Дело в том, что мы ничего не знаем. Мы можем загадывать, это в наших силах, на дальний срок или близкое расстояние — и только. Мы зависимы от любой малости, вот в чем дело. Перекрестись, говоря: «Встретимся в шесть», ибо нет никакой гарантии, что вы вообще когда-либо встретитесь. Не утверждай: «Я буду дома, как штык», ибо не ясно, попадешь ли ты туда. Столько неисправных светофоров! Шоферы-убийцы. Незарегистрированные безумцы-прохожие. Открытые люки канализационных колодцев. Прицельные метеориты. Обрыв высоковольтного провода. А сердце? Оно каждый миг может дать сбой, это уж точно. Поэтому я никогда не уверен, что приду в срок и куда надо. Всякий раз, исполняя задуманное, я поражаюсь, что достигаю цели. Чудо! — думаю я. — Чудо! А прогнозировать на годы вперед, как пытаются многие, вообще бред и тщета. В любой плановой программе изначально заложена ошибка. Все равно придешь туда — не знаю куда, причем, если еще повезет, если осенит свыше, и падешь на полдороге, коли озарения не дано. Это просто, как азбука Морзе. Три точки — три тире — три точки: SOS. Мы все излучаем эти сигналы, но не слышим их. Только сиюсекундность и ценна. Я хочу быть (и всегда бываю) расточительным сиюсекундным Теодоровым. Пусть несет!
— Володя, сколько на твоих?
— Половина шестого, — бегло отвечает Володя Рачительный. Он задумчиво-рассеянно, вскинув острую бородку, щиплет струны гитары. Играть не умеет. Щиплет, теребит, бренькает.
— Ашот, ты где с Лизой познакомился?
— В поездэ, гдэ же!
Врет. Ну, ладно, проверить невозможно. Мать Ашота, похоже, поила его в младенчестве коньяком, вот откуда такая высокая толерантность. Красив, благообразен, осмысленно трезв.

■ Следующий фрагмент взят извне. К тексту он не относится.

(* The derivative at a of t - (t - a) G(t) is 1 - G(a): the factor t - a kills
   the contribution of G'(a).  This gives the last diagonal entry in part (1). *)
Lemma derive_vanishing_factor (G : K -> K) a :
  differentiable G a -> 'D_1 (fun t => t - (t - a) * G t) a = 1 - G a.
Proof.
move=> dG; have dG1 : derivable G a 1 by exact: diff_derivable.
have dlin : derivable (id - cst a) a 1 by apply: derivableB.
rewrite (_ : (fun t => _) = id - (id - cst a) * G) //.
rewrite deriveB ?deriveM ?deriveB //; last exact: derivableM.
have -> : (id - cst a) a = 0 by exact: subrr.
rewrite derive_id derive_cst.
by rewrite scale0r add0r subr0 /GRing.scale /= mulr1.
Qed.
End Calculus.

Lemma differentiable_weierstrass (K : numFieldType) (p : {poly K}) d (z : 'rV[K]_d) :
  offDiag z -> differentiable (@weierstrass K p d) z.
Proof.
move=> oz; apply: differentiable_row => k.
have dcoord j : differentiable (fun y : 'rV[K]_d => y 0 j) z by exact: differentiable_coord.
apply: differentiableB; first exact: dcoord.
apply: differentiableM; first exact: differentiable_horner.
apply: differentiableV.
  by apply: differentiable_prod => j _; exact: differentiableB.
rewrite prodf_seq_neq0; apply/allP => j _; apply/implyP => jk.
by rewrite subr_eq0 oz // eq_sym.
Qed.

Lemma near_avoid {K : numFieldType} {d : nat} {a : K} {z : 'rV[K]_d} :
  (forall j, z 0 j != a) -> \forall y \near z, forall j : 'I_d, (y : 'rV[K]_d) 0 j != a.
Proof.
move=> za; apply: (@filter_forall _ _ (fun j (y : 'rV[K]_d) => y 0 j != a) (nbhs z) _) => j.
have cj : {for z, continuous (fun y : 'rV[K]_d => y 0 j - a)}.
  apply/differentiable_continuous/differentiableB; last exact: differentiable_cst.
  exact: differentiable_coord.
have zj : z 0 j - a != 0 by rewrite subr_eq0.
by apply: filterS (cvgr_neq0 _ cj zj) => y; rewrite subr_eq0.
Qed.

Lemma eigenvalue_block_triangular (K : fieldType) d (A : 'M[K]_d) (c : 'cV[K]_d) (l e : K) :
  eigenvalue (block_mx A c 0 (const_mx l : 'M[K]_1)) e -> eigenvalue A e \/ e = l.
Proof.
move=> /eigenvalueP [v]; rewrite -[v]hsubmxK; move: (lsubmx v) (rsubmx v) => v1 v2.
rewrite mul_row_block mulmx0 addr0 scale_row_mx => /eq_row_mx [Ev1 Ev2] v0.
have [v10|nz_v1] := eqVneq v1 0; last by left; apply/eigenvalueP; exists v1.
right; move: v0 Ev2; rewrite v10 row_mx_eq0 eqxx mul0mx add0r /= => nz_v2.
move/(congr1 (fun M : 'M[K]_1 => M 0 0)); rewrite !mxE big_ord1 !mxE.
have nz_v2_00 : v2 0 0 != 0.
  by apply: contra nz_v2 => /eqP v2_0; apply/eqP/rowP => j; rewrite (ord1 j) v2_0 mxE.
by move/eqP; rewrite mulrC -subr_eq0 -mulrBl mulf_eq0 (negPf nz_v2_00) orbF subr_eq0 => /eqP.
Qed.

Lemma prod_lt1 (K : numDomainType) n (x : 'I_n -> K) : (0 < n)%N ->
  (forall i, 0 <= x i < 1) -> \prod_(i < n) x i < 1.
Proof.
elim: n x => [//|[|n] IH] x _ x01; first by rewrite big_ord1; case/andP: (x01 ord0).
have [x0 x1] := andP (x01 ord_max).
rewrite big_ord_recr /= mulr_ilt1 //; last exact: IH.
by apply: prodr_ge0 => i _; case/andP: (x01 (widen_ord (leqnSn _) i)).
Qed.

Definition for_large {K : numDomainType} (P : K -> Prop) : Prop :=
  exists2 M : K, 0 <= M & forall a, M < `|a| -> P a.

Lemma for_large_iter (K : numDomainType) n (P : nat -> K -> Prop) :
  (forall k, (k < n)%N -> for_large (P k)) ->
  for_large (fun a => forall k, (k < n)%N -> P k a).
Proof.
elim: n => [|n IH] HP; first by exists 0.
have [M1 M1_ge0 HM1] := IH (fun k kn => HP k (ltnW kn)).
have [M2 M2_ge0 HM2] := HP n (ltnSn n).
exists (M1 + M2) => [|a Ma k]; first exact: addr_ge0.
rewrite ltnS leq_eqVlt => /orP [/eqP ->|kn].
  by apply: HM2; apply: le_lt_trans Ma; rewrite lerDr.
by apply: HM1 => //; apply: le_lt_trans Ma; rewrite lerDl.
Qed.

Section Estimates.
Context {K : numFieldType}.

Lemma size_sub_monic (p q : {poly K}) n :
  p \is monic -> q \is monic -> size p = n.+1 -> size q = n.+1 -> (size (q - p)%R <= n)%N.
Proof.
move=> /monicP mp /monicP mq sp sq; apply/leq_sizeP => i.
rewrite leq_eqVlt => /orP [/eqP <-|ni]; rewrite coefB.
  by move: mp mq; rewrite /lead_coef sp sq /= => -> ->; rewrite subrr.
by rewrite !nth_default ?subrr ?sp ?sq.
Qed.

Lemma horner_size_bound (r : {poly K}) d a : (size r <= d)%N -> 1 <= `|a| ->
  `|r.[a]| * `|a| <= (\sum_(i < d) `|r`_i|) * `|a| ^+ d.
Proof.
move=> sr a_ge1; rewrite (horner_coef_wide a sr) !mulr_suml.
apply: le_trans (ler_wpM2r (le_trans ler01 a_ge1) (ler_norm_sum _ _ _)) _.
rewrite mulr_suml; apply: ler_sum => i _.
rewrite normrM normrX -mulrA ler_wpM2l // -exprSr.
exact: ler_weXn2l.
Qed.

Lemma norm_prod_sub_ge d (w : 'I_d -> K) B a :
  (forall j, `|w j| <= B) -> 2 * B < `|a| ->
  (`|a| / 2) ^+ d <= `|\prod_(j < d) (a - w j)|.
Proof.
move=> wB aB; rewrite normr_prod -[d in _ ^+ d]card_ord -prodr_const.
apply: ler_prod => j _.
have B_ge0 : 0 <= B := le_trans (normr_ge0 _) (wB j).
have a_gt0 : 0 < `|a| by apply: le_lt_trans aB; rewrite mulr_ge0.
rewrite divr_ge0 ?(ltW a_gt0) //=; apply: le_trans (lerB_dist a (w j)).
rewrite lerBrDr {2}(splitr `|a|) lerD2l ler_pdivlMr //.
by apply: le_trans (ltW aB); rewrite mulrC ler_pM2l.
Qed.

— Илюша, как самочувствие?
Не слышит. Хозяйка дома Ольга Ц. (та самая), пополнив закуску на столе, снова восседает, как на троне, на Илюшиных коленях. Она не на службе, потому что она на бюллетене. Болеет, значит. Чем? Неважно.
Метеорология пока обходится без нее.
— Володя, издашь мой роман? Нигде не могу устроить.
— Большой?
— Хороший.
— Тащи. Почитаем.
— Ладно. А сколько на твоих?
— Ась?
— Времени, говорю, сколько?
— Без пяти шесть.
Мать честная! — вскакиваю я. Все, ребята. Бегу. Опаздываю. Илюша Скворцов вопрошает с коленей Ольги Ц… нет, вру!., из-под сидящей на нем Ольги Ц.

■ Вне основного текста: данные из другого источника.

(* F/2 is a gap: it lies in the cone, and F/2 in S would force F in S *)
Lemma half_frobenius_gap : half_in_Np F -> gaps C S (vhalf F).
Proof.
move=> /vhalfK FhK; case: semigroupS => _ _ S_add _; case: frobF => [[CF nSF] _].
split; first by apply: (cone_half coneC); rewrite FhK.
by move=> SFh; apply: nSF; rewrite -FhK; apply: S_add.
Qed.

Definition gap_dual : Prop :=
  forall h, gaps C S h -> h <> vhalf F -> exists2 t, S t & F = vadd h t.

Lemma complement_other_gap s c : half_in_Np F -> S s -> C c ->
  F = vadd s c -> gaps C S c /\ c <> vhalf F.
Proof.
move=> /vhalfK FhK Ss Cc Fsc; case: semigroupS => _ _ S_add _.
case: frobF => [[_ nSF] _].
have nSc : ~ S c by move=> Sc; apply: nSF; rewrite Fsc; apply: S_add.
split=> // cFh; apply: nSc; suff -> : c = s by [].
by apply: (@vaddI _ c); rewrite [vadd c s]vaddC -Fsc cFh FhK.
Qed.

(* a gap h other than F/2 lies below a pseudo-Frobenius element h + t;
   if h + t = F we are done, and if h + t = F/2 then t is nonzero, so
   F/2 + t is in S and F = h + (t + F/2) *)
Lemma pseudo_symmetric_gap_dual : pseudo_symmetric C S F -> gap_dual.
Proof.
move=> [/vhalfK FhK PF_F_Fh] h gh hFh.
have [t St PFht] := gap_below_PF (cone_add coneC) semigroupS gh.
have [Fht|htFh] := proj1 (PF_F_Fh (vadd h t)) PFht; first by exists t.
have t0 : t <> vzero p by move=> t0; apply: hFh; rewrite -htFh t0 vaddr0.
have [_ PFh_add] := proj2 (PF_F_Fh (vhalf F)) (or_intror erefl).
exists (vadd (vhalf F) t); first exact: PFh_add.
by rewrite [vadd (vhalf F) t]vaddC vaddA htFh FhK.
Qed.

(* for S gap-dual, a pseudo-Frobenius x other than F/2 satisfies
   F = x + t with t in S, which forces t = 0; and F/2 is pseudo-Frobenius,
   since a gap F/2 + s with s nonzero would give F/2 = s + t in S *)
Lemma gap_dual_pseudo_symmetric :
  half_in_Np F -> gap_dual -> pseudo_symmetric C S F.
Proof.
move=> half dual; case: semigroupS => S_in_C _ S_add _; case: frobF => [[_ nSF] _].
have [CFh nSFh] := half_frobenius_gap half.
split=> // x; split.
- move=> [gx PFx]; have [->|xFh] := eqVneq x (vhalf F); first by right.
  have [t St Fxt] := dual x gx (elimN eqP xFh); left.
  have [t0|t0] := eqVneq t (vzero p); first by rewrite Fxt t0 vaddr0.
  by case: nSF; rewrite Fxt; apply: PFx => //; apply/eqP.
- move=> [->|->]; first exact: frobenius_PF.
  split; first exact: half_frobenius_gap.
  move=> s Ss s0; apply: NNPP => nSFhs.
  have gFhs : gaps C S (vadd (vhalf F) s).
    by split => //; apply: cone_add => //; apply: S_in_C.
  have [|t St Ft] := dual _ gFhs; first by move/vadd_eq_self.
  apply: nSFh; have -> : vhalf F = vadd s t.
    by apply: (@vaddI _ (vhalf F)); rewrite vaddA -Ft vhalfK.
  exact: S_add.
Qed.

— Неужели бросишь нас навсегда?
— Надо, Илюша, надо!
— А ты притащи ее сюда.
— Хорошо. Постараюсь. Если пойдет.
— Баб ко мне не водить! — тут же привычно кричит Ольга Ц. «И не подумаю», — думаю я. Еще чего! Очень мне надо приводить мою Лизоньку к армянину Ашоту Аганбегяновичу. Ишь как он помрачнел, потемнел лицом, этот ловец исконно русских красоток! Переживешь, деляга толерантный.

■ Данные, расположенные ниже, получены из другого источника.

(* Let $X$ be a complex Banach space with open unit ball $B$, let $H(B)$ be a uniform algebra with $A_u(B)\subseteq H(B)\subseteq H^\infty(B)$, and let $x^{**}\in\bar B^{**}$. Then $Cl_B(f,x^{**})=\hat f(M_{x^{**}})$ for all $f\in H(B)$ if and only if the following holds: for every finite family $f_1,\dots,f_{n-1}\in A(B)$ and $f_n\in H(B)$ for which there is $\delta>0$ with $|f_1(x)|+\dots+|f_n(x)|\ge\delta$ for all $x\in B$, the functions $\hat f_1,\dots,\hat f_n$ have no common zero in $M_{x^{**}}$.
   Context: $H^\infty(B)$: bounded holomorphic functions on $B$ with sup norm; $A(B)$: closed subalgebra of $H^\infty(B)$ generated by $1$ and the restrictions to $B$ of $X^*$; $A_u(B)$: uniformly continuous holomorphic functions on $B$; a uniform algebra between $A_u(B)$ and $H^\infty(B)$ is a closed unital subalgebra of $H^\infty(B)$ containing $A_u(B)$. $M_{H(B)}$ is its spectrum, $\hat f$ the Gelfand transform. $\bar B^{**}$ is the closed unit ball of $X^{**}$. Cluster set: $Cl_B(f,x^{**})=\{\lambda:\exists\text{ net }(x_\alpha)\subset B,\ x_\alpha\to x^{**}\text{ weak-star},\ f(x_\alpha)\to\lambda\}$. Fiber: $M_{x^{**}}=\{\tau\in M_{H(B)}:\tau(L)=x^{**}(L)\ \forall L\in X^*\}$. *)

From HB Require Import structures.
From mathcomp Require Import all_boot all_order all_algebra.
From mathcomp Require Import complex.
From mathcomp Require Import all_classical all_reals all_analysis.
Set Implicit Arguments. Unset Strict Implicit. Unset Printing Implicit Defensive.
Import Order.TTheory GRing.Theory Num.Theory.
Import numFieldTopology.Exports numFieldNormedType.Exports.
Local Open Scope ring_scope.
Local Open Scope complex_scope.

Section Defs.
Variables (R : realType).
Local Notation C := (R[i]).
Variable (X : completeNormedModType C).

Definition ball1 := {x : X | `|x| < 1}.

Definition is_dual (L : X -> C) : Prop :=
  (forall (a : C) (x y : X), L (a *: x + y) = a * L x + L y) /\ continuous (L : X -> C^o).

(** elements of the closed unit ball of X^** : C-linear functionals on X^*
    of norm <= 1 (only their values on X^* matter) *)
Definition in_bidual_ball (xss : (X -> C) -> C) : Prop :=
  (forall (a : C) (L1 L2 : X -> C), is_dual L1 -> is_dual L2 ->
      xss (fun x => a * L1 x + L2 x) = a * xss L1 + xss L2) /\
  (forall (L : X -> C) (c : C), is_dual L -> 0 <= c ->
      (forall x, `|L x| <= c * `|x|) -> `|xss L| <= c).

Definition holomorphic (f : ball1 -> C) : Prop :=
  forall b : ball1, exists L : X -> C, is_dual L /\
    forall eps : C, 0 < eps -> exists2 delta : C, 0 < delta &
      forall b' : ball1, `|val b' - val b| < delta ->
        `|f b' - f b - L (val b' - val b)| <= eps * `|val b' - val b|.

Definition Hinf (f : ball1 -> C) : Prop :=
  holomorphic f /\ exists M : C, forall b, `|f b| <= M.

Definition Au (f : ball1 -> C) : Prop :=
  holomorphic f /\
  forall eps : C, 0 < eps -> exists2 delta : C, 0 < delta &
    forall b b' : ball1, `|val b - val b'| < delta -> `|f b - f b'| < eps.

Inductive polyX : (ball1 -> C) -> Prop :=
  | polyX_cst (c : C) : polyX (fun _ => c)
  | polyX_dual (L : X -> C) : is_dual L -> polyX (fun b => L (val b))
  | polyX_add f g : polyX f -> polyX g -> polyX (fun b => f b + g b)
  | polyX_mul f g : polyX f -> polyX g -> polyX (fun b => f b * g b).

Definition AB (f : ball1 -> C) : Prop :=
  forall eps : C, 0 < eps -> exists2 p, polyX p & forall b, `|f b - p b| <= eps.

Definition uniform_algebra_between (H : (ball1 -> C) -> Prop) : Prop :=
  (forall f, H f -> Hinf f) /\ (forall f, Au f -> H f) /\
  H (fun _ => 1) /\
  (forall (a : C) f g, H f -> H g -> H (fun b => a * f b + g b)) /\
  (forall f g, H f -> H g -> H (fun b => f b * g b)) /\
  (forall f, (forall eps : C, 0 < eps -> exists2 g, H g &
                 forall b, `|f b - g b| <= eps) -> H f).

(** spectrum M_{H(B)}: nonzero multiplicative C-linear functionals on H(B);
    the Gelfand transform of f is tau |-> tau f *)
Definition spectrum (H : (ball1 -> C) -> Prop) (tau : (ball1 -> C) -> C) : Prop :=
  (forall (a : C) f g, H f -> H g -> tau (fun b => a * f b + g b) = a * tau f + tau g) /\
  (forall f g, H f -> H g -> tau (fun b => f b * g b) = tau f * tau g) /\
  (exists2 f, H f & tau f != 0).

Definition fiber (H : (ball1 -> C) -> Prop) (xss : (X -> C) -> C)
    (tau : (ball1 -> C) -> C) : Prop :=
  spectrum H tau /\ forall L, is_dual L -> tau (fun b => L (val b)) = xss L.

Definition directed (I : Type) (le : I -> I -> Prop) : Prop :=
  (exists i : I, True) /\ (forall i, le i i) /\
  (forall i j k, le i j -> le j k -> le i k) /\
  (forall i j, exists k, le i k /\ le j k).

Опаздываем, опаздываем. Встреча намечена на шесть часов. Нас ждут рыбообработчицы, и мы бежим, спешим между бараков под проливным дождем. Скатываемся по деревянной лестнице к морю, бурливому и пенному. У причалов раскачиваются ржавые маломерные суда. На берегу навалы морской капусты. Острый запах йода. Это, дети, остров Кунашир. А вон там, вдали, за неширокой водной преградой, за плотной завесой дождя вздымаются исконно японские сопки. Мы на них не претендуем, правда, дети? мы не жадные.